Sushi counter owner Sumin Lohani (pictured) sent a message to his partner Hemanta Mainali after midnight

Sushi chef sued manager for HARASSMENT after being sent rooting on WhatsApp in the early hours of the morning

Sushi counter owner Sumin Lohani (pictured) sent a message to his partner Hemanta Mainali after midnight

A Waitrose sushi chef has sued his employer for harassment after his manager WhatsApped him the staff rotation after midnight.

Hemanta Mainali was furious after being woken early on a Saturday morning, an employment tribunal heard.

He told majority shareholder Sumin Lohani that it was “very wrong” to bother him at that time of night, replying to the message “F*** yourself”.

Mr Mainali claimed the message had been sent directly to him – not to a group chat – and was a “deliberate attempt to disturb him” and even “encourage him to leave”.

The tribunal heard that his relationship with Lohani deteriorated so badly that two weeks later the pair ended up having a violent confrontation in public at the sushi counter in the upmarket supermarket.

He ended up leaving the business and suing his former partner, claiming he had been forced out as part of a deliberate campaign.

However, his case has been dismissed after a judge ruled that Lohani had not intended to disturb him on purpose by sending the message after midnight.

The two men owned the sushi counter at a Waitrose supermarket in Godalming, Surrey

The two men owned the sushi counter at a Waitrose supermarket in Godalming, Surrey

The hearing in Watford was told that Mainali owned 30 per cent of the company which ran the Waitrose sushi kiosk in Godalming, Surrey, while Lohani owned the rest.

The couple had known each other since childhood and they had both come from the same village in Nepal.

The chef started working at the supermarket in June 2018 and was paid £1,500 a month, the tribunal heard.

However, the friendship between the two became “strained” in January 2020 when Lohani sent a tour for the coming week to several employees via WhatsApp early on a Saturday morning.

The pair allegedly had a violent confrontation in the store

The pair allegedly had a violent confrontation in the store

The tribunal heard: ‘On 4 January 2020, at approximately 00:29, Lohani sent out the schedule for the following week. He sent it to the employees at (the company) who were to work in the kiosk that week, i.a [Mr Mainali].

“He sent it via WhatsApp. He didn’t send it to [Mr Mainali] only. He didn’t choose the time to send to annoy [Mr Mainali] or somebody else.

“He had thought that people would read the message when it was convenient for them, and had not expected them to read/reply immediately (and no response was necessarily required, unless there was a problem working the specified shifts).

‘[Mr Mainali’s] the phone made a sound when this message was received.

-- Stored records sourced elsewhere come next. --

Lemma proj_rep_conj g w : g \in K -> w \in K ->
  P (g * w * g^-1)%g = conj_factor alpha g w *: (P g *m P w *m invmx (P g)).
Proof.
move=> Kg Kw; have Kg' := groupVr Kg.
have a1 := factor_set_neq0 Kg Kw; have a2 := factor_set_neq0 (groupM Kg Kw) Kg'.
have a3 := factor_set_neq0 Kg Kg'.
have -> : invmx (P g) = (alpha g g^-1%g)^-1 *: P g^-1%g.
  by rewrite proj_rep_inv // scalerA mulVf // scale1r.
rewrite -scalemxAr PM // -scalemxAl PM ?groupM // !scalerA.
by rewrite -[LHS]scale1r; congr (_ *: _); rewrite /conj_factor; field; rewrite a1 a2 a3.
Qed.

Lemma proj_rep_conj_normal g m : g \in K -> m \in N ->
  P (g * m * g^-1)%g = P g *m P m *m invmx (P g).
Proof.
move=> Kg Nm; have Nm' : (g * m * g^-1)%g \in N by rewrite mem_conjgV_norm ?(subsetP nNK).
have [PJg _] := PmulN Nm' Kg; have [_ Pgm] := PmulN Nm Kg.
by rewrite -(mulmxK (PU Kg) (P _)) -PJg mulgKV Pgm.
Qed.

Lemma conj_factor_normal g m : g \in K -> m \in N -> conj_factor alpha g m = 1.
Proof.
move=> Kg Nm; have Km := subsetP sNK m Nm.
apply: (scalemx_injl n_gt0 (_ : P g *m P m *m invmx (P g) \in unitmx)).
  by rewrite !unitmx_mul unitmx_inv !PU.
by rewrite -proj_rep_conj // scale1r proj_rep_conj_normal.
Qed.

Lemma conj_factor_mulN g m w : g \in K -> m \in N -> w \in K ->
  conj_factor alpha g (m * w) = conj_factor alpha g w.
Proof.
move=> Kg Nm Kw; have Km := subsetP sNK m Nm.
have Nm' : (g * m * g^-1)%g \in N by rewrite mem_conjgV_norm ?(subsetP nNK).
have splitJ : (g * (m * w) * g^-1 = (g * m * g^-1) * (g * w * g^-1))%g.
  by rewrite !mulgA mulgKV.
have [Pmw _] := PmulN Nm Kw.
apply: (scalemx_injl n_gt0 (_ : P g *m P (m * w)%g *m invmx (P g) \in unitmx)).
  by rewrite !unitmx_mul unitmx_inv !PU ?groupM.
rewrite -proj_rep_conj ?groupM // splitJ.
have [-> _] := PmulN Nm' (groupM (groupM Kg Kw) (groupVr Kg)).
rewrite proj_rep_conj_normal // proj_rep_conj //.
by rewrite -!scalemxAr Pmw !mulmxA mulmxKV ?PU.
Qed.

Lemma is_mu_mull x g (s : galT) mu : x \in 'N(K) -> x \in 'N(N) -> g \in K ->
  is_mu K N P x s mu ->
  is_mu K N P (g * x) s (fun y => s (conj_factor alpha g (x * y * x^-1)) * mu y).
Proof.
move=> nKx nNx Kg [mu1 mu_neq0 muN [L uL PsE]].
have KJ y : y \in K -> (x * y * x^-1)%g \in K by apply: mem_conjgV_norm.
split.
- by rewrite mulg1 mulgV conj_factor_normal // rmorph1 mu1 mulr1.
- by move=> y Ky; rewrite mulf_neq0 ?mu_neq0 // fmorph_eq0 conj_factor_neq0 ?KJ.
- move=> y m Ky Nm.
  have -> : (x * (m * y) * x^-1 = (x * m * x^-1) * (x * y * x^-1))%g by rewrite !mulgA mulgKV.
  by rewrite conj_factor_mulN ?KJ ?mem_conjgV_norm // muN.
set S := map_mx s (P g); have uS : S \in unitmx by rewrite map_unitmx PU.
exists (L *m invmx S) => [|y Ky]; first by rewrite unitmx_mul uL unitmx_inv.
have -> : (g * x * y * (g * x)^-1 = g * (x * y * x^-1) * g^-1)%g by rewrite invMg !mulgA.
rewrite proj_rep_conj ?KJ // map_mxZ !map_mxM map_invmx PsE // -/S invmxM ?unitmx_inv // invmxK.
by rewrite -scalemxAr -scalemxAl scalerA !mulmxA.
Qed.

End ProjRepConj.

Lemma galEq_Qab (s t : galT) z : galEq s t -> in_Qab z -> s z = t z.
Proof.
move=> st [m [zeta [q [m_gt0 zeta_m ->]]]].
have map_ratr (u : galT) : map_poly u (map_poly ratr q) = map_poly ratr q.
  by rewrite -map_poly_comp; apply: eq_map_poly => a /=; rewrite fmorph_rat.
by rewrite -!horner_map !map_ratr (st zeta m).
Qed.

Lemma is_mu_galEq (gT : finGroupType) (K N : {set gT}) n (P : gT -> 'M[algC]_n) x
    (s t : galT) mu :
  galEq s t -> entries_in_Qab K P -> x \in 'N(K) ->
  is_mu K N P x s mu -> is_mu K N P x t mu.
Proof.
move=> st QP nKx [mu1 mu_neq0 muN [L uL PsE]]; split=> //; exists L => // y Ky.
rewrite -PsE //; apply/matrixP=> i j; rewrite !mxE.
by rewrite (galEq_Qab st) //; apply: QP; rewrite mem_conjgV_norm.
Qed.

Section MuAgree.

Variables (gT : finGroupType) (K N K' M : {group gT}) (theta : 'CF(N)) (phi : 'CF(M)).
Variables (n n' : nat) (P : gT -> 'M[algC]_n) (P' : gT -> 'M[algC]_n').
Variables (alpha alpha' : gT -> gT -> algC).
Hypotheses (nsNK : N <| K) (nsMK' : M <| K') (sK'K : K' \subset K).
Hypotheses (n_gt0 : (0 < n)%N) (n'_gt0 : (0 < n')%N).
Hypotheses (PR : proj_rep K P alpha) (AS : assoc_with theta K P) (QP : entries_in_Qab K P).
Hypotheses (PR' : proj_rep K' P' alpha') (AS' : assoc_with phi K' P').
Hypothesis (QP' : entries_in_Qab K' P').
Hypothesis alphaE : {in K' &, alpha =2 alpha'}.

Definition mu_agree x (s : galT) :=
  forall mu mu', is_mu K N P x s mu -> is_mu K' M P' x s mu' -> {in K', mu =1 mu'}.

Lemma mu_agree_coset x s y t :
  x \in 'N(K) -> x \in 'N(K') -> x \in 'N(N) -> x \in 'N(M) ->
  (x * y^-1)%g \in K' -> galEq s t -> mu_agree y t -> mu_agree x s.
Proof.
set g := (y * x^-1)%g => nKx nK'x nNx nMx K'xy st agree_y mu mu' mu_x mu'_x z K'z.
have K'g : g \in K' by rewrite -[g]invgK invMg invgK groupV.
have Kg := subsetP sK'K g K'g.
have gxE : (g * x)%g = y by rewrite mulgKV.
have nKy : y \in 'N(K) by rewrite -gxE groupM // (subsetP (normG K)).
have nK'y : y \in 'N(K') by rewrite -gxE groupM // (subsetP (normG K')).
have := is_mu_mull n_gt0 nsNK PR AS nKx nNx Kg mu_x.
have := is_mu_mull n'_gt0 nsMK' PR' AS' nK'x nMx K'g mu'_x.
rewrite gxE => /(is_mu_galEq st QP' nK'y) mu'_y /(is_mu_galEq st QP nKy) mu_y.
have K'xz : (x * z * x^-1)%g \in K' by rewrite mem_conjgV_norm.
move: (agree_y _ _ mu_y mu'_y z K'z) => /=; rewrite (eq_conj_factor alphaE) //.
by apply: mulfI; rewrite fmorph_eq0 (conj_factor_neq0 n'_gt0 PR').
Qed.

End MuAgree.

Lemma inHgal_id p : inHgal p (idfun : galT).
Proof. by exists 0%N => z m _ _ _; rewrite expn0 expr1. Qed.

Lemma cfAut_idfun (gT : finGroupType) (B : {set gT}) (phi : 'CF(B)) :
  cfAut (idfun : galT) phi = phi.
Proof. by apply/cfunP=> z; rewrite cfunE. Qed.

Lemma stab_Inertia (gT : finGroupType) (L B : {group gT}) (phi : 'CF(B)) :
  L \subset 'N(B) -> stab L phi = 'I_L[phi].
Proof.
move=> nBL; apply/setP=> z; rewrite !inE.
case Lz: (z \in L) => //=.
by have := subsetP nBL z Lz; rewrite inE => ->.
Qed.

Lemma eq_Inertia (gT : finGroupType) (L B C : {group gT}) (theta : 'CF(B)) (phi : 'CF(C)) :
  L \subset 'N(B) -> L \subset 'N(C) ->
  {in L, forall x, (theta ^ x)%CF = theta <-> (phi ^ x)%CF = phi} -> 'I_L[theta] = 'I_L[phi].
Proof.
move=> nBL nCL eqI; apply/setP=> x; rewrite !in_setI; case Lx: (x \in L) => //=.
have [theta_phi phi_theta] := eqI x Lx.
apply/setIdP/setIdP=> -[_ /eqP fix_x].
  by split; [rewrite (subsetP nCL) | apply/eqP; apply: theta_phi].
by split; [rewrite (subsetP nBL) | apply/eqP; apply: phi_theta].
Qed.

Lemma norm_Inertia_cfAut_conjg (gT : finGroupType) (L B : {group gT}) (phi : 'CF(B))
    x (s : galT) :
  x \in L -> x \in 'N(B) -> cfAut s (phi ^ x)%CF = phi -> x \in 'N('I_L[phi]).
Proof.
move=> Lx nBx phi_xs.
have sub_IJ : 'I_L[phi] \subset 'I_L[phi] :^ x.
  apply/subsetP=> z /setIP[Lz /setIdP[nBz /eqP phi_z]].
  have nBzx : (z ^ x^-1)%g \in 'N(B) by rewrite groupJ ?groupV.
  rewrite mem_conjg in_setI groupJ ?groupV //=; apply/setIdP; split=> //; apply/eqP.
  have phix_z : ((phi ^ x) ^ z)%CF = (phi ^ x)%CF.
    by apply: (cfAut_inj s); rewrite cfAutConjg phi_xs.
  by rewrite conjgE invgK !cfConjgMnorm ?groupM ?groupV // phix_z cfConjgK.
by apply/normP/eqP; rewrite eq_sym eqEcard sub_IJ cardJg leqnn.
Qed.

Lemma assoc_with_dim_gt0 (gT : finGroupType) (N : {group gT}) (theta : 'CF(N))
    (K : {set gT}) n (P : gT -> 'M[algC]_n) :
  theta \in irr N -> assoc_with theta K P -> (0 < n)%N.
Proof.
move=> /irrP[i ->] [P1 _ trP _]; rewrite lt0n; apply/eqP=> n0.
by have := irr1_neq0 i; rewrite -trP // P1 mxtrace1 n0 eqxx.
Qed.

Lemma rcoset_transversal (gT : finGroupType) (S : Type) (e : S -> S -> Prop)
    (K : {group gT}) (A : gT -> S -> Prop) :
  (forall s, e s s) -> (forall g x s, g \in K -> A x s -> A (g * x)%g s) ->
  exists T : gT -> S -> Prop,
    [/\ forall x s, T x s -> A x s,
        forall x s, A x s -> exists y t, T y t /\ (e s t /\ (x * y^-1)%g \in K) &
        forall x s y t, T x s -> T y t -> e s t /\ (x * y^-1)%g \in K -> x = y /\ e s t].
Proof.
move=> e_refl A_mull; exists (fun x s => A x s /\ x = repr (K :* x)); split.
- by move=> x s [].
- move=> x s Axs; set y := repr (K :* x).
  have Kyx : (y * x^-1)%g \in K by rewrite -mem_rcoset mem_repr_rcoset.
  exists y, s; split; last by split; rewrite // -[(x * _)%g]invgK invMg invgK groupV.
  by rewrite rcoset_repr -(mulgKV x y); split; [apply: A_mull | rewrite mulgKV].
- move=> x s y t [_ xE] [_ yE] [est Kxy]; split=> //.
  by rewrite xE yE; congr repr; apply/rcoset_eqP; rewrite mem_rcoset.
Qed.

Theorem lemma1p8 (p : nat) (gT : finGroupType) (G N H M : {group gT})
    (theta : 'CF(N)) (phi : 'CF(M)) (n n' : nat)
    (P : gT -> 'M[algC]_n) (P' : gT -> 'M[algC]_n')
    (alpha alpha' : gT -> gT -> algC) :
  prime p ->
  Htriple p G theta -> Htriple p H phi -> H \subset G ->
  (* (i) *)
  (N * H)%g = G -> N :&: H = M -> 'C_G(N) \subset H ->
  (* (ii) (H x \mathcal H)_theta = (H x \mathcal H)_phi *)
  (forall x (s : galT), x \in H -> inHgal p s ->
     cfAut s (theta ^ x)%CF = theta <-> cfAut s (phi ^ x)%CF = phi) ->
  proj_rep (stab G theta) P alpha -> assoc_with theta (stab G theta) P ->
  entries_in_Qab (stab G theta) P ->
  proj_rep (stab H phi) P' alpha' -> assoc_with phi (stab H phi) P' ->
  entries_in_Qab (stab H phi) P' ->
  (forall x y, x \in stab G theta -> y \in stab G theta -> rootof1 (alpha x y)) ->
  (forall x y, x \in stab H phi -> y \in stab H phi -> rootof1 (alpha' x y)) ->
  (forall x y, x \in stab H theta -> y \in stab H theta -> alpha x y = alpha' x y) ->
  (forall c, c \in 'C_G(N) -> exists lam : algC, P c = lam%:M /\ P' c = lam%:M) ->
  let inA := fun x (s : galT) =>
    [/\ x \in H, inHgal p s & cfAut s (theta ^ x)%CF = theta] in
  let cond := fun x (s : galT) =>
    forall mu mu' : gT -> algC,
      is_mu (stab G theta) N P x s mu -> is_mu (stab H phi) M P' x s mu' ->
      forall y, y \in stab H theta -> mu y = mu' y in
  (* (x,s) and (y,t) lie in the same coset (H_theta x 1)(y,t) *)
  let samecoset := fun x (s : galT) y (t : galT) =>
    galEq s t /\ (x * y^-1)%g \in stab H theta in
  (forall x s, inA x s -> cond x s) <->
  (exists T : gT -> galT -> Prop,
     [/\ forall x s, T x s -> inA x s,
         forall x s, inA x s -> exists y t, [/\ T y t & samecoset x s y t],
         forall x s y t, T x s -> T y t -> samecoset x s y t -> x = y /\ galEq s t &
         forall x s, T x s -> cond x s]).
Proof.
(* Condition (i), the root-of-unity values and the central scalars only serve the
   existence and uniqueness of mu_a, which cond does not require. *)
move=> _ [nsNG irr_theta _] [nsMH irr_phi _] sHG _ _ _ galStabE PR AS QP PR' AS' QP' _ _ alphaE _.
have [nNG nMH] := (normal_norm nsNG, normal_norm nsMH).
have nNH : H \subset 'N(N) := subset_trans sHG nNG.
have IphiE : 'I_H[phi] = 'I_H[theta].
  apply: eq_Inertia nMH nNH _ => x Hx.
  by have := galStabE x idfun Hx (inHgal_id p); rewrite !cfAut_idfun; apply: iff_sym.
rewrite !stab_Inertia // IphiE in PR AS QP PR' AS' QP' alphaE *.
have nsNI : N <| 'I_G[theta] := normal_Inertia theta (normal_sub nsNG).
have nsMI : M <| 'I_H[theta] by rewrite -IphiE normal_Inertia ?normal_sub.
have sIHG : 'I_H[theta] \subset 'I_G[theta] := setSI _ sHG.
have n_gt0 := assoc_with_dim_gt0 irr_theta AS.
have n'_gt0 := assoc_with_dim_gt0 irr_phi AS'.
move=> inA cond samecoset; split=> [condA | [T [TA Tcover _ condT]] x s [Hx Hs theta_xs]].
  have inA_mull g x s : g \in 'I_H[theta] -> inA x s -> inA (g * x)%g s.
    case/setIP=> Hg /inertiaJ theta_g [Hx Hs theta_xs]; split; rewrite ?groupM //.
    by rewrite cfConjgMnorm ?(subsetP nNH) // theta_g.
  have galEq_refl (s : galT) : galEq s s by [].
  have [T [TA Tcover Tuniq]] := rcoset_transversal galEq_refl inA_mull.
  by exists T; split=> // x s /TA /condA.
have [y [t [Tyt [st Kxy]]]] := Tcover x s (And3 Hx Hs theta_xs).
have [Gx nNx] := (subsetP sHG x Hx, subsetP nNH x Hx).
apply: (mu_agree_coset nsNI nsMI sIHG n_gt0 n'_gt0 PR AS QP PR' AS' QP' alphaE _ _ nNx
          (subsetP nMH x Hx) Kxy st (condT y t Tyt)).
  exact: norm_Inertia_cfAut_conjg Gx nNx theta_xs.
exact: norm_Inertia_cfAut_conjg Hx nNx theta_xs.
Qed.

That had not been Lohani’s intention; he simply hadn’t considered that possibility. [Mr Mainali] and his family were asleep and disturbed by the phone alert.’

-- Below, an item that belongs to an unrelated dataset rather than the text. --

(* Let $\tau$ be a critical GW tree ($\mu=1$) with offspring distribution $p$ satisfying ( * ). Let $(\alpha_n,n\in\mathbb N)$ be a sequence of positive integers such that for every $j\in\mathbb N^*$, \[\lim_{n\to\infty}\frac{\mathbb P(\mathcal G_{n-j}(\tau)=\alpha_n)}{\mathbb P(\mathcal G_n(\tau)=\alpha_n)}=1.\] Then the conditional law of $\tau$ given $\{\mathcal G_n(\tau)=\alpha_n\}$ converges in distribution to the law of Kesten's tree $\tau^*$ as $n\to\infty$.
   Context: Trees (Neveu formalism): $\mathcal U=\bigcup_{n\ge0}(\mathbb N^* )^n$, $|u|$ the length of $u$. A tree is $\mathbf t\subset\mathcal U$ with $\emptyset\in\mathbf t$, closed under taking prefixes, and such that for every $u\in\mathbf t$ there is $k_u(\mathbf t)\ge0$ with $ui\in\mathbf t\iff1\le i\le k_u(\mathbf t)$. $\mathcal G_n(\mathbf t)=\mathrm{Card}\{u\in\mathbf t:|u|=n\}$ is the size of generation $n$. $r_h(\mathbf t)=\{u\in\mathbf t:|u|\le h\}$; convergence in distribution of random trees $T_n\to T$ means $\mathbb P(r_h(T_n)=\mathbf t)\to\mathbb P(r_h(T)=\mathbf t)$ for all $h$ and $\mathbf t$. Offspring distribution: a probability $p$ on $\mathbb N$ satisfying ( * ): $p(0)>0$, $p(0)+p(1)<1$, $\mu=\sum_n np(n)<\infty$. A GW tree $\tau$ with offspring distribution $p$ satisfies $\mathbb P(r_h(\tau)=\mathbf t)=\prod_{u\in r_{h-1}(\mathbf t)}p(k_u(\mathbf t))$ for all $h\ge1$ and trees $\mathbf t$ of height $\le h$. Kesten's tree $\tau^*$ (for $\mu\le1$): with $p^*(n)=np(n)/\mu$, $\tau^*$ is a random tree with a random sequence $(V_k)_{k\ge1}$, $V_1\cdots V_h\in\tau^*$ for all $h$, constructed recursively: given $(V_1,\dots,V_h)$ and $r_h(\tau^* )$, the numbers of children of the vertices $v$ with $|v|=h$ are independent, with law $p$ if $v\ne V_1\cdots V_h$ and $p^*$ if $v=V_1\cdots V_h$; then $V_{h+1}$ is uniform on $\{1,\dots,k_{V_1\cdots V_h}(\tau^* )\}$. *)

From Stdlib Require Import Reals Lra Lia List Bool Arith ClassicalEpsilon.
Import ListNotations.
Open Scope R_scope.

The tribunal heard he angrily replied “This is very wrong to post at midnight. F*** yourselves”, to which Mr Lohani replied “Watch your mouth, I didn’t ask you to check now”.

Several weeks later, the two had an angry confrontation at the sushi counter.

Lohani accused Mainali of “getting very aggressive and trying to hit him” while holding a knife – while the chef said his business partner tried to hit him on the head while he was “blocking”[ing] his escape route’.

The tribunal found that both men’s account of the incident was exaggerated and merely involved some “pushing and shoving”.

“Between the two, before things got too heated, it was realized that it was not reasonable to have a very aggressive interaction in Waitrose during opening hours for themselves as individuals or for their business,” the panel found.

The hearing was told that Mainali left the business – New Godalming Sushi Ltd – at the end of the month.

He took the company to the tribunal, claiming he was the victim of a “campaign” to force him out of his job.

He said he had been discriminated against because of “mental health issues which include anxiety, insomnia and panic attacks”, and claimed he had been “bullied and verbally abused in front of staff”.

But his complaints of harassment and disability discrimination were rejected.

Of the WhatsApp message in the early hours, Labor Judge Patrick Quill said Mainali had “suggested that the January 4 WhatsApp message was a deliberate attempt to disturb him and perhaps encourage him to leave. We find that is not the case.

‘Although [he] is correct in his belief that it was sent to his own contact address, not just the group’s contact address, which does not indicate that he was targeted or intentionally disturbed on the night.

“As a co-owner of (the business) and also responsible for establishing the order of rotation, there is nothing suspicious about the item being sent to him directly (if indeed that was the case).”

However, Mainali’s complaint that he was forced to leave without his agreed six months’ notice was deemed by the tribunal to be a breach of contract.

He is entitled to damages and the parties have had to agree on an “appropriate amount” between them.